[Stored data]
= = = = =

Lemma topical_super_le_sub u v a b : (forall i, g u i <= u i + a) ->
  (forall i, v i + b <= g v i) -> b <= a.
Proof.
move=> gu gv; have [k mk] := vmin_attained (fun i => u i - v i).
have vu i : v i <= u i + - (u k - v k).
  by have := vmin_le (fun i => u i - v i) i; rewrite mk; lra.
have := topical_le_shift vu k; have := gu k; have := gv k; lra.
Qed.

Section Resolvent.
Variables (u0 v : vec R n) (a b s : R).
Hypothesis gu0 : forall i, g u0 i <= u0 i + a.
Hypothesis gv : forall i, v i + b <= g v i.
Hypothesis s_gt0 : 0 < s.

Let s1_gt0 : 0 < 1 + s := addr_gt0 ltr01 s_gt0.

Definition resolvent (w : vec R n) : vec R n := fun i => (s * u0 i + g w i) / (1 + s).

Definition resolvent_iter k := iter k resolvent (fun i => u0 i + a / s).

Let dmin := vmin (fun i => u0 i - v i).
Let dmax := vmax (fun i => u0 i - v i).

Lemma resolvent_le w : (forall i, w i <= u0 i + a / s) ->
  forall i, resolvent w i <= u0 i + a / s.
Proof.
move=> wu i; have := topical_le_shift wu i; have := gu0 i.
rewrite /resolvent ler_pdivrMr ?s1_gt0 //.
have -> : (u0 i + a / s) * (1 + s) = s * u0 i + (u0 i + a / s + a).
  by field; rewrite gt_eqF.
lra.
Qed.

Lemma resolvent_ge w : (forall i, v i + (dmin + b / s) <= w i) ->
  forall i, v i + (dmin + b / s) <= resolvent w i.
Proof.
move=> vw i.
have wv j : v j <= w j - (dmin + b / s) by have := vw j; lra.
have u0v : s * (v i + dmin) <= s * u0 i.
  by rewrite ler_wpM2l ?(ltW s_gt0) // -lerBrDl vmin_le.
have := topical_le_shift wv i; have := gv i.
rewrite /resolvent ler_pdivlMr ?s1_gt0 //.
have -> : (v i + (dmin + b / s)) * (1 + s) =
    s * (v i + dmin) + (v i + b + (dmin + b / s)).
  by field; rewrite gt_eqF.
lra.
Qed.

Lemma resolvent_iter_bounds k i :
  v i + (dmin + b / s) <= resolvent_iter k i <= u0 i + a / s.
Proof.
elim: k i => [|k IH] i /=; last first.
  by rewrite resolvent_ge ?resolvent_le // => j; case/andP: (IH j).
have ba : b / s <= a / s.
  by rewrite ler_pM2r ?invr_gt0 // (topical_super_le_sub gu0 gv).
have := vmin_le (fun i => u0 i - v i) i; rewrite lexx andbT -/dmin; lra.
Qed.

Lemma resolvent_contract w w' d : (forall i, `|w i - w' i| <= d) ->
  forall i, `|resolvent w i - resolvent w' i| <= d / (1 + s).
Proof.
move=> ww' i; rewrite /resolvent -mulrBl normrM.
rewrite [`|(1 + s)^-1|]gtr0_norm ?invr_gt0 ?s1_gt0 //.
rewrite ler_pM2r ?invr_gt0 ?s1_gt0 //.
by have := topical_nonexpansive ww' i; rewrite opprD addrACA subrr add0r.
Qed.
Section Augmentation.
Variables (M : Type) (U : nat -> M -> Prop) (IU : nat -> Prop)
  (B : nat -> M -> Prop) (IB : nat -> Prop).
Hypothesis hU : is_enum_partition U IU.
Hypothesis hB : is_enum_partition B IB.
Variables (k : nat) (x : nat -> M).
Hypothesis hidx : forall i, 1 <= i <= k -> IU i /\ IB i.
Hypothesis hxsep : separated B IB k x.
Hypothesis hxdiag : forall a, 1 <= a <= k -> U a (x a) /\ B a (x a).
Variable t : nat.
Hypothesis ht : k < t.
Hypothesis hIBt : IB t.

Definition target (i : nat) : Prop := 1 <= i <= k \/ i = t.

Lemma target_IB (i : nat) : target i -> IB i.
Proof. intros [Hi | ->]; [apply hidx |]; auto. Qed.

Definition matching_missing (j : nat) (y : nat -> M) : Prop :=
  (forall a, 1 <= a <= k -> U a (y a)) /\
  separated B IB k y /\
  (forall a, 1 <= a <= k -> ~ B j (y a)) /\
  (forall i, target i -> i <> j -> exists a, 1 <= a <= k /\ B i (y a)).

Lemma matching_initial : matching_missing t x.
Proof.
  split; [| split; [exact hxsep | split]].
  - intros a Ha; apply hxdiag, Ha.
  - intros a Ha Hta.
    assert (t = a) by (eapply block_unique; eauto; [apply hidx | apply hxdiag]; auto).
    lia.
  - intros i [Hi | ->] Hit; [exists i; split; [| apply hxdiag] |]; auto; lia.
Qed.

Lemma matching_exchange (j l : nat) (y : nat -> M) (e : M) :
  target j -> matching_missing j y -> 1 <= l <= k -> l <> j ->
  B l (y l) -> B j e -> U l e -> matching_missing l (upd y l e).
Proof.
  intros Htj (Hlab & Hsep & Hfree & Hcov) Hl Hlj Hyl Hje Hle.
  assert (HIBl : IB l) by (apply hidx, Hl).
  assert (Hblock_e : forall i, IB i -> B i e -> i = j)
    by (intros i Hi Hie; eapply block_unique; eauto using target_IB).
  split; [| split; [| split]].
  - intros a Ha; destruct (Nat.eq_dec a l) as [-> | Hal];
      rewrite ?upd_at, ?upd_other; auto.
  - apply separated_replace; [exact Hsep |].
    intros i Hi Hie a Ha _; rewrite (Hblock_e i Hi Hie); apply Hfree, Ha.
  - intros a Ha; destruct (Nat.eq_dec a l) as [-> | Hal];
      rewrite ?upd_at, ?upd_other by assumption; intros Hla.
    + apply Hlj, Hblock_e; auto.
    + apply Hal, (Hsep l HIBl a l); auto.
  - intros i Hti Hil; destruct (Nat.eq_dec i j) as [-> | Hij].
    + exists l; rewrite upd_at; auto.
    + destruct (Hcov i Hti Hij) as (a & Ha & Hia); exists a; split; [exact Ha |].
      rewrite upd_other; [exact Hia | intros ->].
      apply Hil; eapply block_unique; eauto using target_IB.
Qed.

Lemma matching_extend (j s : nat) (y : nat -> M) (e : M) :
  target j -> matching_missing j y -> k < s -> IU s -> B j e -> U s e ->
  exists s, k < s /\ IU s /\
    exists y : nat -> M, S_system U IU B IB (S k) y /\
      (forall i, (1 <= i <= k \/ i = s) -> contains_exactly_one (S k) y (U i)) /\
      (forall i, (1 <= i <= k \/ i = t) -> contains_exactly_one (S k) y (B i)).
Proof.
  intros Htj (Hlab & Hsep & Hfree & Hcov) Hs HIUs Hje Hse.
  assert (HsepU : separated U IU (S k) (upd y (S k) e)).
  { apply separated_extend.
    - apply separated_of_labels; [exact hU |].
      intros a Ha; split; [apply hidx | apply Hlab]; exact Ha.
    - intros i Hi Hie a Ha Hia.
      pose proof (block_unique hU _ _ _ Hi HIUs Hie Hse).
      pose proof (block_unique hU _ _ _ Hi (proj1 (hidx Ha)) Hia (Hlab a Ha)).
      lia. }
  assert (HsepB : separated B IB (S k) (upd y (S k) e)).
  { apply separated_extend; [exact Hsep |].
    intros i Hi Hie a Ha Hia.
    rewrite (block_unique hB _ _ _ Hi (target_IB Htj) Hie Hje) in Hia.
    exact (Hfree a Ha Hia). }
  exists s; split; [exact Hs | split; [exact HIUs |]].
  exists (upd y (S k) e); split; [apply S_system_of_separated; auto | split].
  - intros i [Hi | ->].
    + apply exactly_one_of_separated with (I := IU) (a := i);
        [exact HsepU | apply hidx, Hi | lia |].
      rewrite upd_other by lia; apply Hlab, Hi.
    + apply exactly_one_of_separated with (I := IU) (a := S k); [exact HsepU | exact HIUs | lia |].
      rewrite upd_at; exact Hse.
  - intros i Hti; destruct (Nat.eq_dec i j) as [-> | Hij].
    + apply exactly_one_of_separated with (I := IB) (a := S k);
        [exact HsepB | exact (target_IB Hti) | lia |].
      rewrite upd_at; exact Hje.
    + destruct (Hcov i Hti Hij) as (a & Ha & Hia).
      apply exactly_one_of_separated with (I := IB) (a := a);
        [exact HsepB | exact (target_IB Hti) | lia |].
      rewrite upd_other by lia; exact Hia.
Qed.

(* Alternating paths from B_t: [alt_path p j] says the U-blocks entered so
   far are listed in p (most recent first) and the path now stands at B_j. *)
Inductive alt_path : list nat -> nat -> Prop :=
  | alt_nil : alt_path [] t
  | alt_cons : forall p j l e,
      alt_path p j -> 1 <= l <= k -> B j e -> U l e -> alt_path (l :: p) l.

Lemma alt_path_range (p : list nat) (j : nat) :
  alt_path p j -> forall a, In a p -> 1 <= a <= k.
Proof. induction 1; simpl; intros a Ha; [contradiction | destruct Ha; subst; auto]. Qed.
Definition dsigma_partial (N : nat) (x : R) : R :=
  sum_f_R0 (fun n => / sqrt 2 * - psi (x - INR (S n))) N.

Lemma sigma_partial_ge0 N x : 0 <= sigma_partial N x.
Proof. apply cond_pos_sum. intros n. left. apply phi_pos. Qed.

Lemma sigma_partial_le N x : sigma_partial N x <= 5 / 2.
Proof.
  assert (gauss_ge0 : forall s, 0 <= s -> 0 <= gauss s) by (intros s _; left; apply gauss_pos).
  destruct (restrict_half_sum_shift_le gauss (141 / 80) gauss_ge0
              (fun e e_bounds => gauss_lattice_sum_le e (proj1 e_bounds)) x N)
    as [right_le left_le].
  unfold sigma_partial.
  rewrite (sum_eq _ (fun n => / sqrt 2 * gauss (x - INR (S n)))), sum_f_R0_scal_l
    by reflexivity.
  apply Rle_trans with (/ sqrt 2 * (2 * (141 / 80))).
  - apply Rmult_le_compat_l; [left; apply Rinv_0_lt_compat, sqrt2_pos |].
    apply Rle_trans with (sum_f_R0 (fun n => restrict_half gauss (x - INR (S n))) N
                          + sum_f_R0 (fun n => restrict_half gauss (- (x - INR (S n)))) N).
    + rewrite <- plus_sum. apply sum_Rle. intros n _. apply gauss_le_restrict_half.
    + lra.
  - pose proof sqrt2_ge. apply Rmult_le_reg_l with (sqrt 2); [lra |].
    rewrite <- Rmult_assoc, Rinv_r by lra. lra.
Qed.

Lemma dsigma_partial_abs_le N x : Rabs (dsigma_partial N x) <= 1.
Proof.
  destruct (restrict_half_sum_shift_le psi (141 / 100) psi_ge0 psi_lattice_sum_le x N)
    as [right_le left_le].
  pose proof (cond_pos_sum _ N (fun n => restrict_half_ge0 psi psi_ge0 (x - INR (S n)))).
  pose proof (cond_pos_sum _ N (fun n => restrict_half_ge0 psi psi_ge0 (- (x - INR (S n))))).
  unfold dsigma_partial. rewrite sum_f_R0_scal_l.
  rewrite (sum_eq _ (fun n => restrict_half psi (- (x - INR (S n)))
                             - restrict_half psi (x - INR (S n))))
    by (intros; apply psi_opp_restrict_half).
  rewrite minus_sum, Rabs_mult, Rabs_inv, Rabs_pos_eq by (left; apply sqrt2_pos).
  pose proof sqrt2_ge. apply Rmult_le_reg_l with (sqrt 2); [lra |].
  rewrite <- Rmult_assoc, Rinv_r, Rmult_1_l, Rmult_1_r by lra.
  apply Rabs_le. lra.
Qed.

Lemma phi_shift_derive c x : is_derive (fun y => phi (y - c)) x (/ sqrt 2 * - psi (x - c)).
Proof.
  unfold phi, psi, gauss. auto_derive; [exact I |].
  replace (- ((x + - c) * ((x + - c) * 1)) * / 2) with (- (x - c) ^ 2 / 2) by field.
  field. apply Rgt_not_eq, sqrt2_pos.
Qed.

Lemma sigma_partial_derive N x : is_derive (sigma_partial N) x (dsigma_partial N x).
Proof.
  induction N as [|N IH]; [apply phi_shift_derive |].
  apply (is_derive_plus (sigma_partial N) (fun y => phi (y - INR (S (S N))))); [exact IH |].
  apply phi_shift_derive.
Qed.

Lemma sigma_partial_lipschitz N x y :
  Rabs (sigma_partial N x - sigma_partial N y) <= Rabs (x - y).
Proof.
  destruct (MVT_cor4 (sigma_partial N) (dsigma_partial N) y (Rabs (x - y))
              (fun c _ => sigma_partial_derive N c) x (Rle_refl _)) as [c [mvt _]].
  rewrite mvt, Rabs_mult.
  pose proof (dsigma_partial_abs_le N c). pose proof (Rabs_pos (x - y)). nra.
Qed.

Lemma phi_shift_le_geom x n :
  phi (x - INR (S n)) <= exp (-1) ^ n * (exp x * (/ sqrt 2 * q)).
Proof.
  unfold phi. rewrite <- exp_nat_mul, <- !Rmult_assoc, (Rmult_comm _ (/ sqrt 2)), !Rmult_assoc.
  apply Rmult_le_compat_l; [left; apply Rinv_0_lt_compat, sqrt2_pos |].
  rewrite <- !exp_plus. apply exp_le_compat. rewrite S_INR.
  assert (0 <= (x - INR n) ^ 2) by apply pow2_ge_0. nra.
Qed.

Lemma is_series_sigma_dominant x :
  is_series (fun n => exp (-1) ^ n * (exp x * (/ sqrt 2 * q)))
            (/ (1 - exp (-1)) * (exp x * (/ sqrt 2 * q))).
Proof.
  apply is_series_scal_r, is_series_geom.
  rewrite Rabs_pos_eq by (left; apply exp_pos).
  rewrite <- exp_0. apply exp_increasing. lra.
Qed.

Lemma sigma_partial_cvg x : is_lim_seq (fun N => sigma_partial N x) (sigma_act x).
Proof.
  assert (summable : ex_series (fun n => phi (x - INR (S n)))).
  { apply (@ex_series_le R_AbsRing R_CompleteNormedModule _
             (fun n => exp (-1) ^ n * (exp x * (/ sqrt 2 * q)))).
    - intros n. change (norm (phi (x - INR (S n)))) with (Rabs (phi (x - INR (S n)))).
      rewrite Rabs_pos_eq by (left; apply phi_pos).
      apply phi_shift_le_geom.
    - eexists. apply is_series_sigma_dominant. }
  apply is_lim_seq_ext with (sum_n (fun n => phi (x - INR (S n)))).
  - intros N. apply sum_n_Reals.
  - apply Series_correct, summable.
Qed.

Lemma sigma_ge0 x : 0 <= sigma_act x.
Proof.
  exact (is_lim_seq_le (fun _ => 0) (fun N => sigma_partial N x) 0 (sigma_act x)
           (fun N => sigma_partial_ge0 N x) (is_lim_seq_const 0) (sigma_partial_cvg x)).
Qed.

Lemma sigma_le x : sigma_act x <= 5 / 2.
Proof.
  exact (is_lim_seq_le (fun N => sigma_partial N x) (fun _ => 5 / 2) (sigma_act x) (5 / 2)
           (fun N => sigma_partial_le N x) (sigma_partial_cvg x) (is_lim_seq_const _)).
Qed.

Lemma sigma_lipschitz x y : Rabs (sigma_act x - sigma_act y) <= Rabs (x - y).
Proof.
  pose proof (is_lim_seq_minus' _ _ _ _ (sigma_partial_cvg x) (sigma_partial_cvg y)) as diff_cvg.
  exact (is_lim_seq_le _ (fun _ => Rabs (x - y)) (Rabs (sigma_act x - sigma_act y)) _
           (fun N => sigma_partial_lipschitz N x y) (is_lim_seq_abs _ _ diff_cvg)
           (is_lim_seq_const _)).
Qed.

Lemma sigma_le_exp x : sigma_act x <= / (1 - exp (-1)) * (exp x * (/ sqrt 2 * q)).
Proof.
  unfold sigma_act. rewrite <- (is_series_unique _ _ (is_series_sigma_dominant x)).
  apply Series_le; [| eexists; apply is_series_sigma_dominant].
  intros n. split; [left; apply phi_pos | apply phi_shift_le_geom].
Qed.

Lemma sigma_lim_m_infty : is_lim sigma_act m_infty 0.
Proof.
  set (c := / (1 - exp (-1)) * (/ sqrt 2 * q)).
  apply (is_lim_le_le_loc (fun _ => 0) (fun y => c * exp y)).
  - apply filter_forall. intros y. split; [apply sigma_ge0 |].
    eapply Rle_trans; [apply sigma_le_exp | right; unfold c; ring].
  - apply is_lim_const.
  - replace (Finite 0) with (Rbar_mult c 0) by (simpl; f_equal; ring).
    apply is_lim_scal_l, is_lim_exp_m.
Qed.

Theorem lemma1 :
  (forall x y : R, Rabs (sigma_act x - sigma_act y) <= Rabs (x - y)) /\
  (forall x : R, 0 <= sigma_act x) /\
  (forall x : R, sigma_act x <= 5 / 2) /\
  is_lim sigma_act m_infty 0.
Proof.
  exact (conj sigma_lipschitz (conj sigma_ge0 (conj sigma_le sigma_lim_m_infty))).
Qed.
(* Let $P\subseteq\mathbb{R}^n$ be a rational polyhedron, let $f:\mathbb{R}^n\to\mathbb{R}$ be a polynomial of degree at most three, and let $\bar x\in P$ and $\bar v\in\operatorname{rec}P$ be such that $f(\bar x+\lambda\bar v)\to+\infty$ as $\lambda\to+\infty$ with $f(\bar x+\lambda\bar v)=\Theta(\lambda^3)$. Then for every $\epsilon>0$ there exist $\tilde x,\tilde v\in\mathbb{Q}^n$ with $\tilde x\in P$, $\tilde v\in\operatorname{rec}P$, $\|\bar x-\tilde x\|<\epsilon$, $\|\bar v-\tilde v\|<\epsilon$, such that $f(\tilde x+\lambda\tilde v)\to+\infty$ as $\lambda\to+\infty$ and $f(\tilde x+\lambda\tilde v)=\Theta(\lambda^3)$.
   Context: $\operatorname{rec}P$ denotes the recession cone of $P$, and $\|\cdot\|$ is the Euclidean norm. *)

From HB Require Import structures.
From mathcomp Require Import all_boot all_order all_algebra.
From mathcomp Require Import reals.
From mathcomp Require Import mpoly.
Set Implicit Arguments. Unset Strict Implicit. Unset Printing Implicit Defensive.
Import Order.TTheory GRing.Theory Num.Theory.
Local Open Scope ring_scope.

Definition polyhedron (R : realType) (m n : nat)
  (A : 'M[rat]_(m, n)) (b : 'cV[rat]_m) : 'cV[R]_n -> Prop :=
  fun x => forall i : 'I_m, (map_mx ratr A *m x) i 0 <= ratr (b i 0).

Definition rec_cone (R : realType) (n : nat) (P : 'cV[R]_n -> Prop)
  : 'cV[R]_n -> Prop :=
  fun v => forall x, P x -> forall lam : R, 0 <= lam -> P (x + lam *: v).

Definition enorm (R : realType) (n : nat) (x : 'cV[R]_n) : R :=
  Num.sqrt (\sum_(i < n) x i 0 ^+ 2).

Definition is_rational_vec (R : realType) (n : nat) (x : 'cV[R]_n) : Prop :=
  exists q : 'cV[rat]_n, x = map_mx ratr q.

Definition peval (R : realType) (n : nat) (f : {mpoly R[n]}) (x : 'cV[R]_n) : R :=
  f.@[fun i => x i 0].

Definition tends_pinfty (R : realType) (g : R -> R) : Prop :=
  forall M : R, exists L : R, forall lam : R, L <= lam -> M <= g lam.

= = = = =

▶ _The problem_: Looking at the data above, return every line from the one with "Lemma sigma_lim_m_infty : is_lim" down to the one with "Local Open Scope ring_scope.", exactly and inclusively.

▶ _Solution_:
Lemma sigma_lim_m_infty : is_lim sigma_act m_infty 0.
Proof.
  set (c := / (1 - exp (-1)) * (/ sqrt 2 * q)).
  apply (is_lim_le_le_loc (fun _ => 0) (fun y => c * exp y)).
  - apply filter_forall. intros y. split; [apply sigma_ge0 |].
    eapply Rle_trans; [apply sigma_le_exp | right; unfold c; ring].
  - apply is_lim_const.
  - replace (Finite 0) with (Rbar_mult c 0) by (simpl; f_equal; ring).
    apply is_lim_scal_l, is_lim_exp_m.
Qed.

Theorem lemma1 :
  (forall x y : R, Rabs (sigma_act x - sigma_act y) <= Rabs (x - y)) /\
  (forall x : R, 0 <= sigma_act x) /\
  (forall x : R, sigma_act x <= 5 / 2) /\
  is_lim sigma_act m_infty 0.
Proof.
  exact (conj sigma_lipschitz (conj sigma_ge0 (conj sigma_le sigma_lim_m_infty))).
Qed.
(* Let $P\subseteq\mathbb{R}^n$ be a rational polyhedron, let $f:\mathbb{R}^n\to\mathbb{R}$ be a polynomial of degree at most three, and let $\bar x\in P$ and $\bar v\in\operatorname{rec}P$ be such that $f(\bar x+\lambda\bar v)\to+\infty$ as $\lambda\to+\infty$ with $f(\bar x+\lambda\bar v)=\Theta(\lambda^3)$. Then for every $\epsilon>0$ there exist $\tilde x,\tilde v\in\mathbb{Q}^n$ with $\tilde x\in P$, $\tilde v\in\operatorname{rec}P$, $\|\bar x-\tilde x\|<\epsilon$, $\|\bar v-\tilde v\|<\epsilon$, such that $f(\tilde x+\lambda\tilde v)\to+\infty$ as $\lambda\to+\infty$ and $f(\tilde x+\lambda\tilde v)=\Theta(\lambda^3)$.
   Context: $\operatorname{rec}P$ denotes the recession cone of $P$, and $\|\cdot\|$ is the Euclidean norm. *)

From HB Require Import structures.
From mathcomp Require Import all_boot all_order all_algebra.
From mathcomp Require Import reals.
From mathcomp Require Import mpoly.
Set Implicit Arguments. Unset Strict Implicit. Unset Printing Implicit Defensive.
Import Order.TTheory GRing.Theory Num.Theory.
Local Open Scope ring_scope.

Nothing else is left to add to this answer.